Work order:
Go through the listing below and output exactly the line with "- rewrite IH; [ring|lia].", the line with "induction N as [|N IH]; cbn [sum1]; [nra|].", and each line between; omit the rest.

▶

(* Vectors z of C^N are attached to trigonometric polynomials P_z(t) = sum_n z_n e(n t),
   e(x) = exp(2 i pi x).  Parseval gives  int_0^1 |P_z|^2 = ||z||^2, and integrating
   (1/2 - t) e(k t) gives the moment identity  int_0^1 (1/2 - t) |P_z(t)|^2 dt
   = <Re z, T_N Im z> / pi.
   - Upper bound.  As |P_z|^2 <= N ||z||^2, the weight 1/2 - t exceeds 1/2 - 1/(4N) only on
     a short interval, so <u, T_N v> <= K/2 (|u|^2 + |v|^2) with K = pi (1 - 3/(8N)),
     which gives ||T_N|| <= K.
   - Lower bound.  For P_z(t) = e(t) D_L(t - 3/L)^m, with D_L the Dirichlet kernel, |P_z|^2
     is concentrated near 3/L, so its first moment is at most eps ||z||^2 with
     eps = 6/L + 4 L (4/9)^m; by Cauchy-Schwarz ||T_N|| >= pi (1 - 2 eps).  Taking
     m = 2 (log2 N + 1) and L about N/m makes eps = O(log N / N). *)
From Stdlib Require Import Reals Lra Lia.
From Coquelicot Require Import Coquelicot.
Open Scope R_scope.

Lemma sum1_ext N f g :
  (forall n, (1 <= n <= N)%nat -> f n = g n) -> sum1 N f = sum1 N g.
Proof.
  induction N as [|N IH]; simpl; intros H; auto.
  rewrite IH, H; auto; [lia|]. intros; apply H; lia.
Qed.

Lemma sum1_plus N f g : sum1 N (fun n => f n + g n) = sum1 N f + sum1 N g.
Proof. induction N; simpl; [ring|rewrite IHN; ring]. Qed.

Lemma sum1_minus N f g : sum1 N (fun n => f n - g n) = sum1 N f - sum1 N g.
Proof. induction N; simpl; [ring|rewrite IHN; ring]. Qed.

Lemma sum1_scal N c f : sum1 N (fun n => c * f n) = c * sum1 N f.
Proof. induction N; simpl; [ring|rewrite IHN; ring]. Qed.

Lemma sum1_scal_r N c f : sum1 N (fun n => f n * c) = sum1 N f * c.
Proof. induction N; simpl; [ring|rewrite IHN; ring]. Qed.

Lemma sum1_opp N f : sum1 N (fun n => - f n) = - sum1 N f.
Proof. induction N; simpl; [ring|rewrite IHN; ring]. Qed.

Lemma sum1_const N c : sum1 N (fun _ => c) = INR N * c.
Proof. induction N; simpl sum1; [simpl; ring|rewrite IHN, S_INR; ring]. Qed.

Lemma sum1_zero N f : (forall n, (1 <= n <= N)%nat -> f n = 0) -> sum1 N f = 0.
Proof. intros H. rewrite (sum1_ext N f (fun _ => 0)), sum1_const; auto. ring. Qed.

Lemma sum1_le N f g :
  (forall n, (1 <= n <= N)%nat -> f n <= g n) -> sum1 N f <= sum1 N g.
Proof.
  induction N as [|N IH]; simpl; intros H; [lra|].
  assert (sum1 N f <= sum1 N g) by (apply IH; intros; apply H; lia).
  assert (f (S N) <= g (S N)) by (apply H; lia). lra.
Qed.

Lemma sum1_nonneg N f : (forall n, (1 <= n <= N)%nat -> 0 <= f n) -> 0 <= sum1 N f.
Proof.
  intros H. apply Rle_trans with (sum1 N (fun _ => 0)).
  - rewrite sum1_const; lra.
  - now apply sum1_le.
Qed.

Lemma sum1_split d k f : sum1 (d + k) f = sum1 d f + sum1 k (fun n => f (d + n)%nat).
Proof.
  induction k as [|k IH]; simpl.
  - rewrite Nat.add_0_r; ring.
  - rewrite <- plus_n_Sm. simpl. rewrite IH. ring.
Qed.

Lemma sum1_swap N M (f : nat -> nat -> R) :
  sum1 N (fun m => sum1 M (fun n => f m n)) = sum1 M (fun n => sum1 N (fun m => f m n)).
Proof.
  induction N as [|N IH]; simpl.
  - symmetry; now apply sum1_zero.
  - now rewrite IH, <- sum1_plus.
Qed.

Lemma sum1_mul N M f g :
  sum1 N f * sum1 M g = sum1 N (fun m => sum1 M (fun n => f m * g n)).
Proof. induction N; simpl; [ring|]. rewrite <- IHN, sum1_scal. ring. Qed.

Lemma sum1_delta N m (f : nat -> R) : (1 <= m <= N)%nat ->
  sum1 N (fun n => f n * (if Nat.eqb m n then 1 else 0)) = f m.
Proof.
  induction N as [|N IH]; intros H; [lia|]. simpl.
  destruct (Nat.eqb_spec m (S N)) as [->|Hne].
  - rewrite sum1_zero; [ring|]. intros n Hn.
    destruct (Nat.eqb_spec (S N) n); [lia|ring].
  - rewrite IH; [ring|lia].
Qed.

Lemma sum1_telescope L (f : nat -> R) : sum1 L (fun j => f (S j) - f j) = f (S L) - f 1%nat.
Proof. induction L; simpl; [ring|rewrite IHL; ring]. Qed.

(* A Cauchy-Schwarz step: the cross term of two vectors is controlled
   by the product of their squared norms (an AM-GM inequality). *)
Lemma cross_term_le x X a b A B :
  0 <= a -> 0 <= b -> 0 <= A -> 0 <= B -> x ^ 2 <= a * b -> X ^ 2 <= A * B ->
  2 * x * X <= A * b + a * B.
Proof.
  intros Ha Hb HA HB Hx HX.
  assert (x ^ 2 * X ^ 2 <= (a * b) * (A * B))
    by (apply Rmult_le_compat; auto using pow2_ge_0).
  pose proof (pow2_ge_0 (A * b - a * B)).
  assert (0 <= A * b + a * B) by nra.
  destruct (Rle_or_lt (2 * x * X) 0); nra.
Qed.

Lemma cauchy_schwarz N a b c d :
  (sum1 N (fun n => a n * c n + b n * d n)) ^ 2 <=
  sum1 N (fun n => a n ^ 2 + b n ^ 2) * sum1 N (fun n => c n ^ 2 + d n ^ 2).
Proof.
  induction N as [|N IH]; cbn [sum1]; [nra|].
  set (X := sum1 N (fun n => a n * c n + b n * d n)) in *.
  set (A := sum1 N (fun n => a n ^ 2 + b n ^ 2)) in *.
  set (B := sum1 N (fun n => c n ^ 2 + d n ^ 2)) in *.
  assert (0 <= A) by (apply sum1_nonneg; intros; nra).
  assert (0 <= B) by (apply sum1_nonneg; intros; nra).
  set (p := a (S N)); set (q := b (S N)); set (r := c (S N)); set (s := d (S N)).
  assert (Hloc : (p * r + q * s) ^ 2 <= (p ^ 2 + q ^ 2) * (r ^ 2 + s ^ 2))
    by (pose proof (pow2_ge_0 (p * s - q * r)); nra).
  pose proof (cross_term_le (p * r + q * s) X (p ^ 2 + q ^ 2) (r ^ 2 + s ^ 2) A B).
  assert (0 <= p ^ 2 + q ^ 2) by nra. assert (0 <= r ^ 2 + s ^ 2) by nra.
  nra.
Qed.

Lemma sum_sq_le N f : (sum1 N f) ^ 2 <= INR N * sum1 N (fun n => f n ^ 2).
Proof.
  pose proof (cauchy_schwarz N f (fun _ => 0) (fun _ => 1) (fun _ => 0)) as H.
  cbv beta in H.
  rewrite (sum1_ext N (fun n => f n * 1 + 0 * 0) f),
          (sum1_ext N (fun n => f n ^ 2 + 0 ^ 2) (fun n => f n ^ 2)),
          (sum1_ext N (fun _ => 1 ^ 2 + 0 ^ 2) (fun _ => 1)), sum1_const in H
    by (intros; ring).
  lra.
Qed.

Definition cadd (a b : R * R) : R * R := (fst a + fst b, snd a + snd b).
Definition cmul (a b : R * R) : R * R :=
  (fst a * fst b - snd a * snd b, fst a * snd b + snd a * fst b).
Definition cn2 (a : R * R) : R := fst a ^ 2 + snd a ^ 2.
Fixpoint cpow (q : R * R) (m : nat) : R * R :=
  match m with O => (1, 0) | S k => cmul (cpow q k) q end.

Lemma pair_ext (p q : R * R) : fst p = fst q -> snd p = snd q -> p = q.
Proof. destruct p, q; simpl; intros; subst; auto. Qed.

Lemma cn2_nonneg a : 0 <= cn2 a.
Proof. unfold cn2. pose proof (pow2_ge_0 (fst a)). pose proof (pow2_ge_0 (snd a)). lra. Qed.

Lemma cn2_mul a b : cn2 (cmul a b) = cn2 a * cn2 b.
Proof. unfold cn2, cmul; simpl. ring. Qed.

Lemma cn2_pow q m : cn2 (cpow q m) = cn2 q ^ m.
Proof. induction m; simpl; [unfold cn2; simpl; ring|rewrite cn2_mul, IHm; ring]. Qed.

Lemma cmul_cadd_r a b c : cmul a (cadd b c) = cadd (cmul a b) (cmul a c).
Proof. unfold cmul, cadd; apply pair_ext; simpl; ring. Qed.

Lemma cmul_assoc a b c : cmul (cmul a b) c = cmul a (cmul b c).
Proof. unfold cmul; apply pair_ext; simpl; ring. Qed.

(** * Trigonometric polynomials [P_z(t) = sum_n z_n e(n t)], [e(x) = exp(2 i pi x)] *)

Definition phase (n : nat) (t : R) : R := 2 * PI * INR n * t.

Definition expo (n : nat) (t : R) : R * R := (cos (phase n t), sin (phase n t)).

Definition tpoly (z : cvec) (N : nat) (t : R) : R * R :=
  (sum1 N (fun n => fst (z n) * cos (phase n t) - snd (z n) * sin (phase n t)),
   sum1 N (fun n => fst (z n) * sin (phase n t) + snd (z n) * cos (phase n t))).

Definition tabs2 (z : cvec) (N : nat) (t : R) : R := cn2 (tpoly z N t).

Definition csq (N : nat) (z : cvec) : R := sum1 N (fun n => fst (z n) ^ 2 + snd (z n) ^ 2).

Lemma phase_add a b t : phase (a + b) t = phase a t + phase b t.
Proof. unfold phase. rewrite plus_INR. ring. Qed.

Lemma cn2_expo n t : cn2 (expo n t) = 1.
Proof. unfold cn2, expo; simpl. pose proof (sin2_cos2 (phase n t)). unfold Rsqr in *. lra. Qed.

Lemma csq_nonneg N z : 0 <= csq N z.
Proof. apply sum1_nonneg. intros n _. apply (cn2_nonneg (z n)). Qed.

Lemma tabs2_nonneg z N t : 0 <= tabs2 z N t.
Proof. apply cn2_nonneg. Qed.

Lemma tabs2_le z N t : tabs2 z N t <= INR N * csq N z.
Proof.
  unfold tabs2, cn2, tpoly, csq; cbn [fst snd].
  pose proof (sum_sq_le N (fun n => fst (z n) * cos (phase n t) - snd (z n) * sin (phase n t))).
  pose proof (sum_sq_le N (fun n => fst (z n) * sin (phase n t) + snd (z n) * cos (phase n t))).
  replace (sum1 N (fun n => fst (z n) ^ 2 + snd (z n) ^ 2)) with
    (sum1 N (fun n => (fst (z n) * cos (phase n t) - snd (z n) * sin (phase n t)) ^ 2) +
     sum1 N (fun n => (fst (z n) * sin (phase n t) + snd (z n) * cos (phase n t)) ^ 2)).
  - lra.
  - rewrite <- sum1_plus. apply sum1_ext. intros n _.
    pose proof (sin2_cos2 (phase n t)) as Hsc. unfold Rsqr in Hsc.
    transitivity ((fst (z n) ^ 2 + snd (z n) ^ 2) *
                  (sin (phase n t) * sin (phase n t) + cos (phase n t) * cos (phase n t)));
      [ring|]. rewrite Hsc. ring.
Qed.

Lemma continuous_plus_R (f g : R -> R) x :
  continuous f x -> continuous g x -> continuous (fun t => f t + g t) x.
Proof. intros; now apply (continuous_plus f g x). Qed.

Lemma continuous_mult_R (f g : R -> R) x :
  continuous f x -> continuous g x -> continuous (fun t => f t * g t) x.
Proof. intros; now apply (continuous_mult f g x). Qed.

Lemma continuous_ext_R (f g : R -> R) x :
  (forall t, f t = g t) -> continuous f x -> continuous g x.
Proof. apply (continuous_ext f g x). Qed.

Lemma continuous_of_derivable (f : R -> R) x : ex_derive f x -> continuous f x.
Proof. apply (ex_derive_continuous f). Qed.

◀

Exercise response:
  - rewrite IH; [ring|lia].
Qed.

Lemma sum1_telescope L (f : nat -> R) : sum1 L (fun j => f (S j) - f j) = f (S L) - f 1%nat.
Proof. induction L; simpl; [ring|rewrite IHL; ring]. Qed.

(* A Cauchy-Schwarz step: the cross term of two vectors is controlled
   by the product of their squared norms (an AM-GM inequality). *)
Lemma cross_term_le x X a b A B :
  0 <= a -> 0 <= b -> 0 <= A -> 0 <= B -> x ^ 2 <= a * b -> X ^ 2 <= A * B ->
  2 * x * X <= A * b + a * B.
Proof.
  intros Ha Hb HA HB Hx HX.
  assert (x ^ 2 * X ^ 2 <= (a * b) * (A * B))
    by (apply Rmult_le_compat; auto using pow2_ge_0).
  pose proof (pow2_ge_0 (A * b - a * B)).
  assert (0 <= A * b + a * B) by nra.
  destruct (Rle_or_lt (2 * x * X) 0); nra.
Qed.

Lemma cauchy_schwarz N a b c d :
  (sum1 N (fun n => a n * c n + b n * d n)) ^ 2 <=
  sum1 N (fun n => a n ^ 2 + b n ^ 2) * sum1 N (fun n => c n ^ 2 + d n ^ 2).
Proof.
  induction N as [|N IH]; cbn [sum1]; [nra|].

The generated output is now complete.